Mayor of St. Petersburg
- In office 1961–1967
- Preceded by: Edward F. Brantley
- Succeeded by: Don Jones
- In office 1971–1973
- Preceded by: Don L. Spicer
- Succeeded by: Randolph Wedding

Personal details
- Born: November 12, 1916 Detroit, Michigan, U.S.
- Died: September 9, 2010 (aged 93) Virginia Beach, Virginia, U.S.
- Party: Democratic (after 1972)
- Other political affiliations: Republican (until 1972)
- Spouse: Winifred Herlan Munyan ​ ​(m. 1938)​
- Children: 2
- Alma mater: Miami University Western Reserve University Harvard Business School

Military service
- Branch/service: United States Navy
- Battles/wars: World War II;

= Herman Goldner =

American politician (1916–2010)

Herman Wilson Goldner (November 12, 1916 – September 9, 2010) was a lawyer and politician in the United States. He served four terms as mayor of St. Petersburg, Florida. Originally a Republican, he switched parties and became a Democrat during Richard Nixon's presidency.

==Early life==
Goldner was born on November 12, 1916, in Detroit, Michigan. He received his undergraduate degree at Miami University, law degree at Western Reserve University, and business degree from Harvard Business School. Goldner moved to St. Petersburg in 1949.

==Political career==
He served as Mayor of St. Petersburg from 1961 to 1967 and 1971 to 1973. In the 1964 election, he refused to support Barry Goldwater and instead endorsed Lyndon B. Johnson.
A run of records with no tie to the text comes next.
(* In the setup of the context, let $B=(b_i)_{i=1}^n$ and $B'=(b'_i)_{i=1}^n$ be two $\ast$-symmetric bases of $H$ with $b'_i=\sum_jA_{ij}b_j$, and let $J$, $J'$ be the asymptotic algebras built from $B$ and $B'$ (bases $(t_i)$, $(t'_i)$, traces $\bar\tau,\bar\tau'$). Then $A\in O_n(\mathcal O)$, and the $F$-linear map $\alpha:J\to J'$, $\alpha(t_x):=\sum_i\bar A_{ix}t'_i$ (with $\bar A$ the reduction of $A$ modulo $\mathfrak m$) satisfies: (a) $\alpha$ is an isomorphism of $F$-algebras; (b) $\bar\tau'\circ\alpha=\bar\tau$; (c) $\alpha(u^\ast)=\alpha(u)^\ast$ for all $u\in J$.
   Context: Setup: $\Gamma$ totally ordered abelian group; $K$ field with surjective valuation $\nu$, valuation ring $\mathcal O$, maximal ideal $\mathfrak m$, formally real residue field $F$. $H$ finite-dimensional split semisimple symmetric $K$-algebra with trace form $\tau$ and $K$-linear involutive antiautomorphism $\ast$; a $\ast$-symmetric basis is a basis $B$ with $B^\ast=B$ and $\tau(bc^\ast)=\delta_{bc}$. With $\Lambda$, $\chi_\lambda$, $c_\lambda$ ($\tau=\sum c_\lambda^{-1}\chi_\lambda$), $a_\lambda=-\tfrac12\nu(c_\lambda)\in\Gamma$, a fixed homomorphism $\gamma\mapsto v^\gamma$ from $\langle a_\lambda\rangle$ to $K^\times$ with $\nu(v^\gamma)=\gamma$, $f_\lambda=v^{2a_\lambda}c_\lambda$, and balanced representations $\rho_\lambda$ (irreducible of type $\lambda$ with $\nu(\rho_\lambda(b))\ge-a_\lambda$ on every $\ast$-symmetric basis) with leading coefficients $c^\lambda(x)=v^{a_\lambda}\rho_\lambda(x)\bmod\mathfrak m$, the asymptotic algebra of a $\ast$-symmetric basis $B$ is the $F$-algebra $J$ with basis $(t_x)_{x\in B}$, product $t_xt_y=\sum_z\gamma_{x,y,z}t_{z^\ast}$ where $\gamma_{x,y,z}=\sum_\lambda\sum_{\mathfrak{s,t,u}}f_\lambda^{-1}c^\lambda(x)_{\mathfrak{st}}c^\lambda(y)_{\mathfrak{tu}}c^\lambda(z)_{\mathfrak{us}}$, trace form $\bar\tau(t_x)=n_x:=\sum_\lambda\sum_{\mathfrak s}f_\lambda^{-1}c^\lambda(x^\ast)_{\mathfrak{ss}}$, and involution $t_x^\ast=t_{x^\ast}$. *)

From HB Require Import structures.
From mathcomp Require Import all_boot all_order all_algebra all_field.
Set Implicit Arguments. Unset Strict Implicit. Unset Printing Implicit Defensive.
Import Order.TTheory GRing.Theory Num.Theory.
Local Open Scope ring_scope.

Definition ordered_group (G : porderZmodType) : Prop :=
  (forall x y : G, (x <= y) || (y <= x)) /\
  (forall x y z : G, x <= y -> x + z <= y + z).

(* ---------- valuations: nu is only meaningful on nonzero elements; nu(0) = oo ---------- *)
Section Valuation.
Variables (G : porderZmodType) (K F : fieldType) (nu : K -> G).

Definition valuation : Prop :=
  (forall x y : K, x != 0 -> y != 0 -> nu (x * y) = nu x + nu y) /\
  (forall x y : K, x != 0 -> y != 0 -> x + y != 0 ->
      (nu x <= nu (x + y)) || (nu y <= nu (x + y))) /\
  (forall g : G, exists x : K, x != 0 /\ nu x = g).

(* "nu(x) >= g", with the convention nu(0) = +oo *)
Definition vge (x : K) (g : G) : bool := (x == 0) || (g <= nu x).
Definition inO (x : K) : bool := vge x 0.
Definition inm (x : K) : bool := (x == 0) || (0 < nu x).

(* res : K -> F restricted to O is a surjective ring morphism with kernel m,
   i.e. F is (identified with) the residue field O/m *)
Definition residue_map (res : K -> F) : Prop :=
  (forall x y, inO x -> inO y -> res (x + y) = res x + res y) /\
  (forall x y, inO x -> inO y -> res (x * y) = res x * res y) /\
  res 1 = 1 /\
  (forall x, inO x -> (res x == 0) = inm x) /\
  (forall z : F, exists x, inO x /\ res x = z).
End Valuation.

Definition formally_real (F : fieldType) : Prop :=
  forall (k : nat) (s : 'I_k -> F), \sum_(i < k) s i ^+ 2 != -1.

Section Alg.
Variables (K : fieldType) (H : falgType K).

Definition trace_form (tau : H -> K) : Prop :=
  (forall (k : K) (x y : H), tau (k *: x + y) = k * tau x + tau y) /\
  (forall x y : H, tau (x * y) = tau (y * x)) /\
  (forall x : H, (forall y : H, tau (x * y) = 0) -> x = 0).

Definition involution (star : H -> H) : Prop :=
  (forall (k : K) (x y : H), star (k *: x + y) = k *: star x + star y) /\
  (forall x y : H, star (x * y) = star y * star x) /\
  (forall x : H, star (star x) = x).

Definition star_sym_basis (tau : H -> K) (star : H -> H) (m : nat)
    (C : m.-tuple H) : Prop :=
  basis_of fullv C /\
  (forall i : 'I_m, star (tnth C i) \in C) /\
  (forall i j : 'I_m, tau (tnth C i * star (tnth C j)) = (i == j)%:R).

Variables (L : finType) (d : L -> nat).

(* the rho l are representations, and together they give an isomorphism
   H ~= prod_l M_{d l}(K); i.e. H is split semisimple and (rho l)_l is a
   complete list of its irreducible representations, rho l of type l. *)
Definition split_semisimple_irreps (rho : forall l : L, H -> 'M[K]_(d l)) : Prop :=
  (forall l, forall (k : K) (x y : H), rho l (k *: x + y) = k *: rho l x + rho l y) /\
  (forall l (x y : H), rho l (x * y) = rho l x *m rho l y) /\
  (forall l, rho l 1 = 1%:M) /\
  (forall x y : H, (forall l, rho l x = rho l y) -> x = y) /\
  (forall M : forall l : L, 'M[K]_(d l), exists x : H, forall l, rho l x = M l).
End Alg.

Section Balanced.
Variables (G : porderZmodType) (K F : fieldType) (H : falgType K).
Variables (L : finType) (d : L -> nat) (nu : K -> G).

Definition in_agen (a : L -> G) (g : G) : Prop :=
  exists z : L -> int, g = \sum_(l : L) a l *~ z l.

Definition vhom (a : L -> G) (v : G -> K) : Prop :=
  (forall g h, in_agen a g -> in_agen a h -> v (g + h) = v g * v h) /\
  (forall g, in_agen a g -> v g != 0 /\ nu (v g) = g).

Definition balanced (tau : H -> K) (star : H -> H)
    (rho : forall l : L, H -> 'M[K]_(d l)) (a : L -> G) : Prop :=
  forall l (m : nat) (C : m.-tuple H), star_sym_basis tau star C ->
    forall (i : 'I_m) (s t : 'I_(d l)), vge nu (rho l (tnth C i) s t) (- a l).
End Balanced.

(* J is modelled on its coordinate space 'rV[F]_n w.r.t. the basis (t_x):
   u = \sum_x u 0 x t_x. *)
Section Asymptotic.
Variables (G : porderZmodType) (K F : fieldType) (H : falgType K).
Variables (L : finType) (d : L -> nat).
Variables (res : K -> F) (v : G -> K) (a : L -> G) (c : L -> K).
Variables (rho : forall l : L, H -> 'M[K]_(d l)) (star : H -> H).

Definition fl (l : L) : K := v (a l *+ 2) * c l.
Definition lc (l : L) (x : H) : 'M[F]_(d l) := map_mx res (v (a l) *: rho l x).

Variables (n : nat) (B : n.-tuple H).
Definition sidx (i : 'I_n) : 'I_n :=
  odflt i [pick j : 'I_n | tnth B j == star (tnth B i)].

Definition gam (x y z : 'I_n) : F :=
  \sum_(l : L) \sum_(s < d l) \sum_(t < d l) \sum_(u < d l)
     (res (fl l))^-1 * lc l (tnth B x) s t * lc l (tnth B y) t u
       * lc l (tnth B z) u s.

(* t_x t_y = \sum_z gam x y z t_{z^*}, extended bilinearly *)
Definition Jmul (p q : 'rV[F]_n) : 'rV[F]_n :=
  \row_(k < n) \sum_(x < n) \sum_(y < n) \sum_(z < n)
     p 0 x * q 0 y * gam x y z * (sidx z == k)%:R.

Definition nx (x : 'I_n) : F :=
  \sum_(l : L) \sum_(s < d l) (res (fl l))^-1 * lc l (tnth B (sidx x)) s s.

Definition Jtr (p : 'rV[F]_n) : F := \sum_(x < n) p 0 x * nx x.

Definition Jstar (p : 'rV[F]_n) : 'rV[F]_n :=
  \row_(k < n) \sum_(x < n) p 0 x * (sidx x == k)%:R.
End Asymptotic.

From HB Require Import structures.
From mathcomp Require Import all_boot all_order all_algebra all_field.
Import Order.TTheory GRing.Theory Num.Theory.
Local Open Scope ring_scope.

(* Both bases are orthonormal for the form tau (x * star y), so
   A_ij = tau (b'_i * star b_j) and A A^T = 1; expanding tau through the balanced
   representations shows nu (A_ij) >= 0.  Reducing b'_i = sum_j A_ij b_j modulo m
   gives c^l(b'_i) = sum_j Abar_ij c^l(b_j).  The structure constants and the
   values n_x of J are traces of products of the c^l, reindexed by the
   permutation x |-> x^* (which is also the involution of J), and Abar
   intertwines the two permutations.  Since Abar is orthogonal, right
   multiplication by Abar^T therefore transports all three from J to J'. *)

Set Implicit Arguments. Unset Strict Implicit. Unset Printing Implicit Defensive.

Section ScaleAddMap.
Variables (K : fieldType) (V W : lmodType K) (f : V -> W).
Hypothesis f_lin : forall k x y, f (k *: x + y) = k *: f x + f y.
He helped organize a regional planning organization.

Goldner championed the elimination of St. Petersburg city ordinances that practiced segregation. He defended murals by George Snow Hill in St. Petersburg's city hall with caricatured depictions of African Americans. The mural was torn down by Joseph Waller who later became African People's Socialist Party leader Omali Yeshitela.

In 1972, he switched his party affiliation from Republican to Democratic and endorsed Edmund Muskie.

==Personal life==
He married his wife Winifred Herlan Munyan, on November 3, 1938. They both had two sons, Brian and Michael.